Thorac Cardiovasc Surg 2013; 61(03): 209-214
DOI: 10.1055/s-0032-1333203
Original Cardiovascular
Georg Thieme Verlag KG Stuttgart · New York

Reversed C Sternotomy versus Conventional Sternotomy in Cardiac Surgery

Veysel Temizkan
1   Department of Cardiovascular Surgery, GATA Haydarpasa Training Hospital, Istanbul, Turkey
,
Gokhan Arslan
1   Department of Cardiovascular Surgery, GATA Haydarpasa Training Hospital, Istanbul, Turkey
,
Murat Ugur
1   Department of Cardiovascular Surgery, GATA Haydarpasa Training Hospital, Istanbul, Turkey
,
Ibrahim Alp
1   Department of Cardiovascular Surgery, GATA Haydarpasa Training Hospital, Istanbul, Turkey
,
Erturk Yedekci
2   Department of Anesthesiology and Reanimation, GATA Haydarpasa Training Hospital, Istanbul, Turkey
,
Alper Ucak
1   Department of Cardiovascular Surgery, GATA Haydarpasa Training Hospital, Istanbul, Turkey
,
Dilaver Tas
3   Department of Respiratory Disease, GATA Haydarpasa Training Hospital, Istanbul, Turkey
,
Ahmet Turan Yilmaz
1   Department of Cardiovascular Surgery, GATA Haydarpasa Training Hospital, Istanbul, Turkey
› Institutsangaben
Weitere Informationen

Publikationsverlauf

08. September 2012

23. November 2012

Publikationsdatum:
23. Januar 2013 (online)

Abstract

Background In this study, cardiac surgery with minimally invasive reversed C sternotomy was compared with conventional sternotomy in patients undergoing valve replacement or septal defect repair.
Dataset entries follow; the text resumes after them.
Lemma cycle_cherry_avoiding n : 3 < n -> forall u : 'I_n, has_cherry_avoiding (cycle_rel n) u.
Proof.
case: n => [|[|[|[|n]]]] // _ u; case: u => [[|[|[|i]]] Hi].
- by exists (inord 2), (inord 1), (inord 3); ord_solve.
- by exists (inord n.+3), (inord n.+2), (inord 0); ord_solve.
- by exists (inord 0), (inord 1), (inord n.+3); ord_solve.
- by exists (inord 1), (inord 0), (inord 2); ord_solve.
Qed.

Lemma path_cherry_avoiding n : 5 < n -> forall u : 'I_n, has_cherry_avoiding (path_rel n) u.
Proof.
move=> Hn u; have lt6 k : k < 6 -> k < n by move=> Hk; apply: leq_trans Hn.
case: u => [i Hi]; case: (leqP 3 i) => Hi3.
- by exists (Ordinal (lt6 1 isT)), (Ordinal (lt6 0 isT)), (Ordinal (lt6 2 isT)); ord_solve.
- by exists (Ordinal (lt6 4 isT)), (Ordinal (lt6 3 isT)), (Ordinal (lt6 5 isT)); ord_solve.
Qed.

Lemma cycles_paths_cherry_avoiding x y : 1 < x + y -> forall u,
  has_cherry_avoiding (union_rel (copies_rel x (cycle_rel 3)) (copies_rel y (path_rel 3))) u.
Proof.
move=> Hxy [p|q].
- apply: union_cherry_avoiding_inl; case: y Hxy => [|y] Hxy.
    by left; apply: copies_cherry_avoiding cycle3_cherry _; rewrite -(addn0 x).
  by right; do 3 eexists; apply: (copies_cherry ord0 (path_cherry 0)).
- apply: union_cherry_avoiding_inr; case: x Hxy => [|x] Hxy.
    by left; apply: copies_cherry_avoiding (path_cherry 0) _.
  by right; do 3 eexists; apply: (copies_cherry ord0 cycle3_cherry).
Qed.
(* Let $n,k,m\ge1$ be integers, and let $r_0<r_1<\dots<r_{k-1}$ and $s_0<s_1<\dots<s_{k-1}$ be integers in $\{1,\dots,k+m\}$. Let $\bar r_0<\dots<\bar r_{m-1}$ and $\bar s_0<\dots<\bar s_{m-1}$ be the elements of $\{1,\dots,k+m\}\setminus\{r_0,\dots,r_{k-1}\}$ and $\{1,\dots,k+m\}\setminus\{s_0,\dots,s_{k-1}\}$ respectively. Then $$\det\Big(C_{2n-1}^{(2k+2m-1)}(2r_i-2\to2s_j-1)\Big)_{0\le i,j\le k-1}=(-1)^{\sum_{i=0}^{m-1}(\bar r_i+\bar s_i)}\det\Big(C_{-2n+1}^{(2k+2m-1)}(2\bar r_i-2\to2\bar s_j-1)\Big)_{0\le i,j\le m-1}.$$
   Context: For $N\ge0$ and $0\le r,s\le K$, $C_N^{(K)}(r\to s)$ is the number of lattice paths with steps $(1,1),(1,-1)$ from $(0,r)$ to $(N,s)$ never below the $x$-axis nor above $y=K$. For odd $K$, $F(x)=\sum_{N\ge0}C_N^{(K)}(r\to s)x^N$ is a rational function $p/q$ with $\deg p<\deg q$, $q(0)\ne0$, and for negative $N$ one defines $C_N^{(K)}(r\to s)$ by $\sum_{N\ge1}C_{-N}^{(K)}(r\to s)x^N=-F(1/x)$ (equivalently by running the linear recurrence backwards). *)

From mathcomp Require Import all_boot all_order all_algebra.
Set Implicit Arguments. Unset Strict Implicit. Unset Printing Implicit Defensive.
Import Order.TTheory GRing.Theory Num.Theory.
Local Open Scope ring_scope.

(* C_N^{(K)}(r -> s) for N >= 0: the number of lattice paths with steps
   (1,1),(1,-1) from (0,r) to (N,s) staying in the strip 0 <= y <= K.
   A path is encoded by its sequence of heights y_0,...,y_N in {0..K}. *)
Definition Cpath (K N r s : nat) : nat :=
  #|[set p : {ffun 'I_N.+1 -> 'I_K.+1} |
     [&& val (p ord0) == r, val (p ord_max) == s &
        [forall i : 'I_N,
           (val (p (lift ord0 i)) == (val (p (widen_ord (leqnSn N) i))).+1)
        || (val (p (widen_ord (leqnSn N) i)) == (val (p (lift ord0 i))).+1)]]]|.

(* [is_Cneg K r s b] : b N = C_{-N}^{(K)}(r -> s) for all N >= 1 (and b 0 = 0),
   i.e. sum_{N>=1} b N x^N = - F(1/x) where F = p/q, deg p < deg q, q(0) <> 0,
   is the generating function sum_{N>=0} C_N^{(K)}(r->s) x^N.
   With d = deg q, -F(1/x) = - P*(x)/Q*(x) where P*(x) = x^d p(1/x) and
   Q*(x) = x^d q(1/x) are polynomials (Q*(0) = lead coef q <> 0). *)
Definition revcoef (d : nat) (p : {poly rat}) (i : nat) : rat :=
  if (i <= d)%N then p`_(d - i) else 0.

Definition is_Cneg (K r s : nat) (b : nat -> rat) : Prop :=
  exists p q : {poly rat},
    [/\ (size p < size q)%N, q.[0] != 0,
        (forall N : nat,
           \sum_(i < N.+1) q`_i * (Cpath K (N - i) r s)%:R = p`_N) &
        (forall N : nat,
           \sum_(i < N.+1) revcoef (size q).-1 q i * b (N - i)%N
             = - revcoef (size q).-1 p N)].

From mathcomp Require Import all_boot all_order all_algebra.
From mathcomp Require Import all_fingroup.
From mathcomp Require Import zify.
Set Implicit Arguments. Unset Strict Implicit. Unset Printing Implicit Defensive.
Import Order.TTheory GRing.Theory Num.Theory.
Methods In this prospective randomized study, 35 patients were assigned into one of two groups for elective cardiac surgery under general anesthesia: Group A (reversed C sternotomy group) and Group B (conventional sternotomy group). Intraoperative variables, intubation time, postoperative drainage volume, pulmonary function tests, sleep quality and quality of life, and requirement for blood transfusion were compared.
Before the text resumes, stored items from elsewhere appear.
Lemma sum_user_util_le :
  \sum_i user_util mu v P i <= m%:R - (item_util v P ord0 - N0%:R) / 2.
Proof.
have cost i : 2^-1 * (P i ord0 ord0 - (group_of i == ord0)%:R) <=
              (1 - mu i ord0) * P i ord0 ord0.
  rewrite /mu_ex eq_sym eqxx; have := top_le1 i ord0; have := top_ge0 i ord0.
  by case: (ord0 == group_of i) => /=; lra.
have own_group : \sum_i ((group_of i == ord0)%:R : R) = N0%:R.
  by rewrite (sum_group_of (fun g => (g == ord0)%:R)) sum_eq_indicator mulr1.
have top_exposure : item_util v P ord0 = \sum_i P i ord0 ord0.
  by apply: eq_bigr => i _; rewrite Pv_top.
have users : \sum_i user_util mu v P i <= \sum_i (1 - (1 - mu i ord0) * P i ord0 ord0).
  by apply: ler_sum => i _; apply: user_util_le_top.
have costs : \sum_i 2^-1 * (P i ord0 ord0 - (group_of i == ord0)%:R) <=
             \sum_i (1 - mu i ord0) * P i ord0 ord0 by apply: ler_sum => i _; apply: cost.
rewrite -mulr_sumr sumrB own_group -top_exposure in costs.
rewrite sumrB sumr_const card_ord in users.
lra.
Qed.

End RankingBounds.

(* With probability [s] the transposition moving the own item to the top is applied
   to the identity ranking. *)
Definition mix_ranking (s : R) (i : 'I_m) (j p : 'I_k) : R :=
  s * (j == tperm ord0 (group_of i) p)%:R + (1 - s) * (j == p)%:R.

Lemma mix_ranking_tensor s : 0 <= s <= 1 -> ranking_tensor (mix_ranking s).
Proof.
move=> /andP [s_ge0 s_le1] i; split; [|split].
- by move=> j p; rewrite /mix_ranking addr_ge0 // mulr_ge0 ?subr_ge0.
- move=> j; rewrite big_split /= -!mulr_sumr.
  under eq_bigr do rewrite -(canF_eq (tpermK _ _)) eq_sym.
  under [X in _ + _ * X]eq_bigr do rewrite eq_sym.
  by rewrite !sum_eq_indicator; lra.
- by move=> p; rewrite big_split /= -!mulr_sumr !sum_eq_indicator; lra.
Qed.

Lemma Pv_mix s i j :
  Pv v (mix_ranking s) i j = s * (j == group_of i)%:R + (1 - s) * (j == ord0)%:R.
Proof. by rewrite Pv_top /mix_ranking tpermL. Qed.

Lemma user_util_mix s i : user_util mu v (mix_ranking s) i = s + (1 - s) * mu i ord0.
Proof.
rewrite /user_util (eq_bigr (fun j => s * (mu i j * (j == group_of i)%:R) +
                                       (1 - s) * (mu i j * (j == ord0)%:R))); last first.
  by move=> j _; rewrite Pv_mix; ring.
rewrite big_split /= -!mulr_sumr (bigD1 (group_of i)) //= big1; last first.
  by move=> j /negbTE ->; rewrite mulr0.
rewrite (bigD1 ord0) //= [X in _ + _ * (_ + X)]big1; last first.
  by move=> j /negbTE ->; rewrite mulr0.
have -> : mu i (group_of i) = 1 by rewrite /mu_ex eqxx.
by rewrite eqxx /= mul1r mulr1n !addr0 !mulr1.
Qed.

Lemma item_util_mix s j :
  item_util v (mix_ranking s) j = s * N0%:R + (1 - s) * m%:R * (j == ord0)%:R.
Proof.
rewrite /item_util (eq_bigr (fun i => s * (group_of i == j)%:R + (1 - s) * (j == ord0)%:R));
  last by move=> i _; rewrite Pv_mix eq_sym.
rewrite big_split /= -mulr_sumr (sum_group_of (fun g => (g == j)%:R)).
by rewrite sum_eq_indicator sumr_const card_ord mulr_natr; ring.
Qed.

Hypothesis d_gt0 : (0 < d)%N.
Local Notation n0 := (N0%:R : R).
Local Notation dd := (d%:R : R).

Lemma n0_gt0 : 0 < n0. Proof. by rewrite ltr0n. Qed.
Lemma dd_gt0 : 0 < dd. Proof. by rewrite ltr0n. Qed.
Lemma mE : (m%:R : R) = n0 * (dd + 1).
Proof. by rewrite natrM -addn1 natrD. Qed.

Lemma qual_top : qual mu ord0 = n0 * (1 + dd / 2).
Proof.
pose w (g : 'I_k) : R := if ord0 == g then 1 else 2^-1.
rewrite /qual (eq_bigr (fun i => w (group_of i))); last by move=> i _; rewrite /mu_ex eqxx.
rewrite (sum_group_of w) big_ord_recl /w /= sumr_const card_ord.
by rewrite -[_ *+ d]mulr_natl mulrC.
Qed.

Lemma qual_other j : j != ord0 -> qual mu j = n0.
Proof.
move=> j_neq0; rewrite /qual (eq_bigr (fun i => (group_of i == j)%:R)).
  by rewrite (sum_group_of (fun g => (g == j)%:R)) sum_eq_indicator mulr1.
by move=> i _; rewrite /mu_ex (negbTE j_neq0) eq_sym; case: ifP.
Qed.

Lemma Qtot_ex : Qtot mu = n0 * (3 * dd + 2) / 2.
Proof.
rewrite /Qtot big_ord_recl qual_top (eq_bigr (fun=> n0)); last first.
  by move=> i _; rewrite qual_other // eq_sym neq_lift.
by rewrite sumr_const card_ord -mulr_natr; field.
Qed.

Lemma Etot_ex : Etot m v = m%:R.
Proof.
rewrite /Etot (bigD1 ord0) //= big1 => [|p p_neq0]; last first.
  by rewrite /v_top (negbTE p_neq0) normr0.
by rewrite /v_top eqxx normr1 addr0 mulr1.
Qed.

Definition target_top : R := n0 * (dd + 2) * (dd + 1) / (3 * dd + 2).
Definition target_other : R := 2 * n0 * (dd + 1) / (3 * dd + 2).
Definition excess : R := n0 * dd ^+ 2 / (3 * dd + 2).
(* Probability of showing the own item that realizes the target exposures. *)
Definition fair_mix : R := 2 * (dd + 1) / (3 * dd + 2).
Results A significant difference between the two groups was found in blood transfusion requirement, extubation time, and drainage volume. Forced expiratory volume in one second and functional vital capacity were significantly lower in Group B than in Group A at postoperative Month 1. Total sleep component score of Pittsburg Sleep Quality Index in Group B patients was significantly worse at postoperative Month 1. Postoperative assessment of quality of life (physical and mental) also showed a significant difference between the two groups.

Conclusion These preliminary findings suggest that creating an access point without compromising the integrity of the sternum seems to be an advantageous and appropriate technique for suitable patients undergoing cardiac surgery.